Proposed defense-related pathways regulated by EgERF113 co-expressing genes
Two RBOH genes, EgRBOHA and EgRBOHB have been previously reported in our study , and reduced EgRBOHB expression during early necrotrophic phase may suggest plant’s response in delaying the progression of disease. This is in line with the report on the response against hemibiotroph Macrophomina phaseolina , wherein increase expression of RBOH leads to increase susceptibility of plants to necrotrophic infection.
Another less studied TF, AtMYB122 was reported to regulate genes involved in camalexin biosynthesis . Increased accumulation of indolic glucosinolates during induction of glucose signaling was evidently regulated by AtMYB122 . Glucosinates [89,90]. Based on the expression patterns of EgMYB122, the TF channeled its regulation from responding to abiotic stress at 3 d.p.i. into defensing against Ganoderma attack and it is expected that the gene regulation will be more extensive at later stage of the necrotrophic phase.
Rapid and transient increase of cytosolic Ca2+ particularly during pathogens interaction results in activation of both PTI and ETI signaling . CMLs and CDPKs are known as Ca2+ sensor proteins which are responsible in perceiving the transduction during plant innate immunity [91,92]. Based on our RNA-seq data analysis, both EgCML7 and EgCDPK28 were upregulated during necrotrophic phase. Consistent with the analysis, EgERF113 is suggested to orchestrate defense mechanisms through regulation of PR and calcium-responsive genes.
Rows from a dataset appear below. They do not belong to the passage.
(* Consider the system of ordinary differential equations \[ \dot u=r_{1}u(1-u)-a_{12}uv-a_{13}uw,\qquad \dot v=r_{2}v(1-v)+a_{21}uv,\qquad \dot w=-\mu w+a_{31}uw, \] with all parameters $r_1,r_2,\mu,a_{12},a_{13},a_{21},a_{31}$ positive. Assume \[ r_{1}r_{2}a_{31}-r_{1}r_{2}\mu-a_{12}a_{31}r_{2}-a_{12}a_{21}\mu>0 . \] Then the positive equilibrium \[ E_{*}=(u_{*},v_{*},w_{*})=\left(\frac{\mu}{a_{31}},\;1+\frac{a_{21}\mu}{a_{31}r_{2}},\;\frac{r_{1}r_{2}a_{31}-r_{1}r_{2}\mu-a_{12}a_{31}r_{2}-a_{12}a_{21}\mu}{a_{13}a_{31}r_{2}}\right) \] exists and it is globally asymptotically stable, i.e. it is stable and every solution with $u(0),v(0),w(0)>0$ converges to $E_*$ as $t\to\infty$.
   Context: $u,v,w$ denote population densities of three species; solutions are considered in the positive orthant. *)

From Stdlib Require Import Reals.
From Coquelicot Require Import Coquelicot.
Open Scope R_scope.

Definition fu (r1 a12 a13 : R) (u v w : R) : R := r1 * u * (1 - u) - a12 * u * v - a13 * u * w.
Definition fv (r2 a21 : R) (u v w : R) : R := r2 * v * (1 - v) + a21 * u * v.
Definition fw (mu a31 : R) (u v w : R) : R := - mu * w + a31 * u * w.

Definition is_solution (r1 r2 mu a12 a13 a21 a31 : R) (u v w : R -> R) : Prop :=
  forall t, 0 <= t ->
    is_derive u t (fu r1 a12 a13 (u t) (v t) (w t)) /\
    is_derive v t (fv r2 a21 (u t) (v t) (w t)) /\
    is_derive w t (fw mu a31 (u t) (v t) (w t)).

Definition ustar (mu a31 : R) : R := mu / a31.
Definition vstar (r2 mu a21 a31 : R) : R := 1 + a21 * mu / (a31 * r2).
Definition wstar (r1 r2 mu a12 a13 a21 a31 : R) : R :=
  (r1 * r2 * a31 - r1 * r2 * mu - a12 * a31 * r2 - a12 * a21 * mu) / (a13 * a31 * r2).
(* Consider the four-player team game of dominoes described in the context. Over all possible deals and all possible legal games that end in a tranca, the largest number of points that the winning team can obtain is exactly $107$. That is, there exists a deal and a legal game ending in a tranca in which the winning team obtains $107$ points, and in every legal game ending in a tranca the winning team obtains at most $107$ points.
   Context: Domino tiles: the set of tiles consists of the 28 unordered pairs $[a,b]=[b,a]$ with $a,b\in\{0,1,\dots,6\}$; the number of points (pips) of $[a,b]$ is $a+b$. Four players, numbered 1 to 4, play; players 1 and 3 form one team and players 2 and 4 the other. The 28 tiles are dealt, 7 to each player (the initial hands). Players take turns in cyclic order $1,2,3,4,1,\dots$. The starting player places any one of their tiles on the table, forming a line of tiles (the board) with two open ends. On each subsequent turn, the player whose turn it is must, if they hold a tile containing a number equal to the number shown at one of the two open ends, place such a tile at that end (with equal numbers adjacent), the other number of the tile becoming the new open end; if they hold no such tile, they pass. A game ends either when a player places their last tile, or in a tranca (blocked game): a position in which no player holds a tile that can be placed. In a game ending in a tranca, the team whose two players' remaining tiles have the smaller total number of pips wins, and it obtains as points the total number of pips on the tiles remaining in the hands of the two players of the other (losing) team. *)

From mathcomp Require Import all_boot.
Set Implicit Arguments. Unset Strict Implicit. Unset Printing Implicit Defensive.

(* A tile [a,b] = [b,a] with a,b in {0..6}, stored normalised with a <= b.
   This finType has exactly 28 elements. *)
Definition tile := {p : 'I_7 * 'I_7 | p.1 <= p.2}.
Definition tlo (t : tile) : 'I_7 := (val t).1.
Definition thi (t : tile) : 'I_7 := (val t).2.
Definition pips (t : tile) : nat := tlo t + thi t.

Definition has_num (t : tile) (v : 'I_7) : bool := (tlo t == v) || (thi t == v).
Definition other (t : tile) (v : 'I_7) : 'I_7 := if tlo t == v then thi t else tlo t.

(* Players 1,2,3,4 are represented by 0,1,2,3 : 'I_4.
   Teams: {1,3} = {0,2} (team false) and {2,4} = {1,3} (team true). *)
Definition team (p : 'I_4) : bool := odd p.
Definition next (p : 'I_4) : 'I_4 := inord ((p.+1) %% 4).

(* A position: owner t = Some p if player p holds t, None if t is on the board;
   ends = the two open ends of the board (None if the board is empty);
   turn = player to move. *)
Record state := St {
  owner : {ffun tile -> option 'I_4};
  ends : option ('I_7 * 'I_7);
  turn : 'I_4 }.

Definition holds (s : state) (p : 'I_4) (t : tile) : bool := owner s t == Some p.

Definition placeable (s : state) (t : tile) : bool :=
  match ends s with
  | None => true
  | Some (l, r) => has_num t l || has_num t r
  end.

Definition can_play (s : state) (p : 'I_4) : bool :=
  [exists t, holds s p t && placeable s t].

Inductive move := Pass | Play of tile & bool. (* bool: true = left end, false = right end *)

Definition remove_tile (s : state) (t : tile) : {ffun tile -> option 'I_4} :=
  [ffun u => if u == t then None else owner s u].

Inductive step : state -> move -> state -> Prop :=
| step_pass s :
    ~~ can_play s (turn s) ->
    step s Pass (St (owner s) (ends s) (next (turn s)))
| step_start s t side :
    ends s = None -> holds s (turn s) t ->
    step s (Play t side) (St (remove_tile s t) (Some (tlo t, thi t)) (next (turn s)))
| step_left s t l r :
    ends s = Some (l, r) -> holds s (turn s) t -> has_num t l ->
    step s (Play t true) (St (remove_tile s t) (Some (other t l, r)) (next (turn s)))
| step_right s t l r :
    ends s = Some (l, r) -> holds s (turn s) t -> has_num t r ->
    step s (Play t false) (St (remove_tile s t) (Some (l, other t r)) (next (turn s))).

Definition someone_out (s : state) : Prop := exists p : 'I_4, forall t, ~~ holds s p t.
Definition blocked (s : state) : Prop := forall p : 'I_4, ~~ can_play s p.
Definition game_over (s : state) : Prop := someone_out s \/ blocked s.

Inductive run : state -> seq move -> state -> Prop :=
| run_nil s : run s [::] s
| run_cons s m s1 ms s2 :
    ~ game_over s -> step s m s1 -> run s1 ms s2 -> run s (m :: ms) s2.

Definition is_deal (d : {ffun tile -> 'I_4}) : Prop :=
  forall p : 'I_4, #|[set t | d t == p]| = 7.

Definition init (d : {ffun tile -> 'I_4}) : state :=
  St [ffun t => Some (d t)] None ord0.

Definition ends_in_tranca (s : state) : Prop := blocked s /\ ~ someone_out s.

Definition team_pips (s : state) (k : bool) : nat :=
  \sum_(t : tile | if owner s t is Some p then team p == k else false) pips t.

(* Points of the winning team in a tranca: the losing team's remaining pips.
   None if the totals are equal (no winning team). *)
Definition winner_points (s : state) : option nat :=
  let a := team_pips s false in
  let b := team_pips s true in
  if a < b then Some b else if b < a then Some a else None.

From Pilot Require Import Defs.
From mathcomp Require Import all_boot zify.
Set Implicit Arguments. Unset Strict Implicit. Unset Printing Implicit Defensive.

(* In a tranca every number occurs an even number of times among the half-tiles on
   the board and the two open ends.  All seven tiles of an open number x are on the
   board, giving eight half-tiles x, so the other end shows x as well; and as [x,u]
   gives u a single half-tile, every other number u shows on a second board tile.

   Call u shared by a team if both partners still hold a u-tile at the end.  A partner
   facing a shared open end has to play, so a team keeping 14 tiles never let a tile
   touching a shared number reach the board, and a team keeping 13 tiles (it played
   once) let at most three.  As [x,u], [x,u'] and the second board tiles of u and u'
   would be four, a tile joining two shared numbers is a double or lies on the board, and
   a team keeping 14 tiles has no shared number.

   Colouring each number by which partners hold it confines the two hands to a few
   classes of tiles; for each of the 4^7 colourings a computation bounds the pips of 13
   such tiles (14 when no number is shared) by 107, while 12 tiles carry at most 106.
   An explicit deal and a game of 17 turns attain 107. *)

(** * Tiles as pairs of numbers *)

Definition tile_pair (t : tile) : nat * nat := (tlo t : nat, thi t : nat).

Definition tile_pairs : seq (nat * nat) :=
  [seq (a, b) | a <- iota 0 7, b <- iota a (7 - a)].

Lemma tile_pair_inj : injective tile_pair.
Proof.
move=> [[a b] ?] [[c d] ?] [ac bd]; apply: val_inj => /=.
by congr pair; apply: val_inj.
Qed.

Lemma mem_tile_pairs (p : nat * nat) : (p \in tile_pairs) = (p.1 <= p.2 < 7).
Proof.
apply/allpairsPdep/idP => [[a [b [+ + ->]]] | ]; first by rewrite !mem_iota /=; lia.
by case: p => a b ab; exists a, b; split => //; rewrite mem_iota; move: ab => /=; lia.
Qed.

Lemma tile_pair_mem t : tile_pair t \in tile_pairs.
Proof. by case: t => [[a b] /= ab]; rewrite mem_tile_pairs /= ab ltn_ord. Qed.

Lemma tile_pairP p : p \in tile_pairs -> {t | tile_pair t = p}.
Proof.
case: p => a b; rewrite mem_tile_pairs /= => /andP[ab b7].
have a7 : a < 7 by lia.
by exists (exist _ (Ordinal a7, Ordinal b7) ab).
Qed.

Lemma perm_tile_pairs : perm_eq [seq tile_pair t | t <- index_enum tile] tile_pairs.
Proof.
apply: uniq_perm; first by rewrite map_inj_uniq ?index_enum_uniq //; exact: tile_pair_inj.
  by vm_compute.
move=> p; apply/mapP/idP => [[t _ ->] | /tile_pairP[t <-]]; first exact: tile_pair_mem.
by exists t; rewrite ?mem_index_enum.
Qed.

Lemma sum_tiles (F : nat * nat -> nat) :
  \sum_(t : tile) F (tile_pair t) = sumn [seq F p | p <- tile_pairs].
Proof.
by rewrite sumnE big_map -(perm_big _ perm_tile_pairs) big_map.
Qed.

Lemma has_num2_pair t (x u : 'I_7) : x != u -> has_num t x -> has_num t u ->
  tile_pair t = (minn x u, maxn x u).
Proof.
rewrite /has_num /tile_pair /tlo /thi -!val_eqE; case: t => [[a b] /= ab].
by move=> xu /orP[/eqP ?|/eqP ?] /orP[/eqP ?|/eqP ?]; congr pair; lia.
Qed.

Lemma has_num2_inj t t' (x u : 'I_7) : x != u ->
  has_num t x -> has_num t u -> has_num t' x -> has_num t' u -> t = t'.
Proof.
move=> xu tx tu t'x t'u; apply: tile_pair_inj.
by rewrite (has_num2_pair xu tx tu) (has_num2_pair xu t'x t'u).
Qed.

Lemma exists_has_num2 (x u : 'I_7) : exists t, has_num t x && has_num t u.
Proof.
have /tile_pairP[t /= [tlo_t thi_t]] : (minn x u, maxn x u) \in tile_pairs.
  by rewrite mem_tile_pairs /=; have := ltn_ord x; have := ltn_ord u; lia.
by exists t; rewrite /has_num -!val_eqE /= tlo_t thi_t; apply/andP; split; apply/orP; lia.
Qed.

Lemma has_num_lo t : has_num t (tlo t).
Proof. by rewrite /has_num eqxx. Qed.

Lemma has_num_hi t : has_num t (thi t).
Proof. by rewrite /has_num eqxx orbT. Qed.

Lemma has_num_3 t (a b c : 'I_7) :
  has_num t a -> has_num t b -> has_num t c -> a != b -> a != c -> b = c.
Proof.
by rewrite /has_num => /orP[]/eqP<- /orP[]/eqP<- /orP[]/eqP<-; rewrite ?eqxx.
Qed.

Definition num_count (t : tile) (v : 'I_7) : nat := (tlo t == v) + (thi t == v).

Lemma sum_num_count v : \sum_(t : tile) num_count t v = 8.
Proof.
rewrite (sum_tiles (fun p => (p.1 == v) + (p.2 == v))).
by case: v => [[|[|[|[|[|[|[|v]]]]]]] ?].
Qed.

Lemma team_next p : team (Defs.next p) = ~~ team p.
Proof.
rewrite /team /Defs.next inordK; last by rewrite ltnS -ltnS ltn_pmod.
by case: p => [[|[|[|[|p]]]] ?].
Qed.

Lemma remove_tileE s t u : remove_tile s t u = if u == t then None else owner s u.
Proof. by rewrite ffunE. Qed.

Lemma step_turn s m s1 : step s m s1 -> turn s1 = Defs.next (turn s).
Proof. by case. Qed.

Lemma step_owner_back s m s1 t q : step s m s1 -> owner s1 t = Some q -> owner s t = Some q.
Proof.
by case=> [//|s' t0 ? ? ?|s' t0 ? ? ? ? ?|s' t0 ? ? ? ? ?]; rewrite /= remove_tileE; case: ifP.
Qed.

Lemma run_owner_back s ms s1 t q : run s ms s1 -> owner s1 t = Some q -> owner s t = Some q.
Proof. by elim=> // s0 m s' ms' s2 _ /step_owner_back + _ IH /IH; apply. Qed.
Other transcription factors differentially regulated under biotrophic or necrotrophic phase
The Calmodulin-binding transcription activator (CAMTA) gene was first discovered in Nicotiana tabacum, regulating senescence and cell death , and was recently comprehensively studied by Kakar et al. . We discovered members of the novel CAMTA TF family, namely EgCAMTA3 and EgCAMTA4 which were downregulated at 3 d.p.i. The suppression of both genes was later reduced across time, which might be the result of infection phase transition from biotrophic to early necrotrophic phase. CAMTA was proven to regulate responses under Ca2+ signaling during both abiotic and biotic stresses [95,96].
In general, most downregulated DEGs of TFs showed de-repression across time. It is reasonable to postulate that changes of expression patterns might be the results of plant immunity interplay against biotrophic and necrotrophic infection phases. For instance, downregulation of EgMYB108 was highest at 7 d.p.i before reducing at 11 d.p.i. Coherently, MYB108 was proven to positively regulate defense mechanism against hemibiotroph Verticillium dahliae in the presence of calmodulin and Ca2, antagonistic to the regulation of CAMTA3 [97,98]. In contrast, EgERF9 was found to be downregulated exclusively during necrotrophic phase at 11 d.p.i. The result provides agreement with other study which reported repression activity of AtERF9 in enhanced resistance against necrotrophic Botrytis cinerea . Likewise, expression patterns of TFs in upregulated DEGs were higher at early interaction against G. boninense before decreasing over time. The plant-specific EgTCP15 demonstrated upregulation during biotrophic phase before declining but showing an opposite expression pattern under abiotic stress.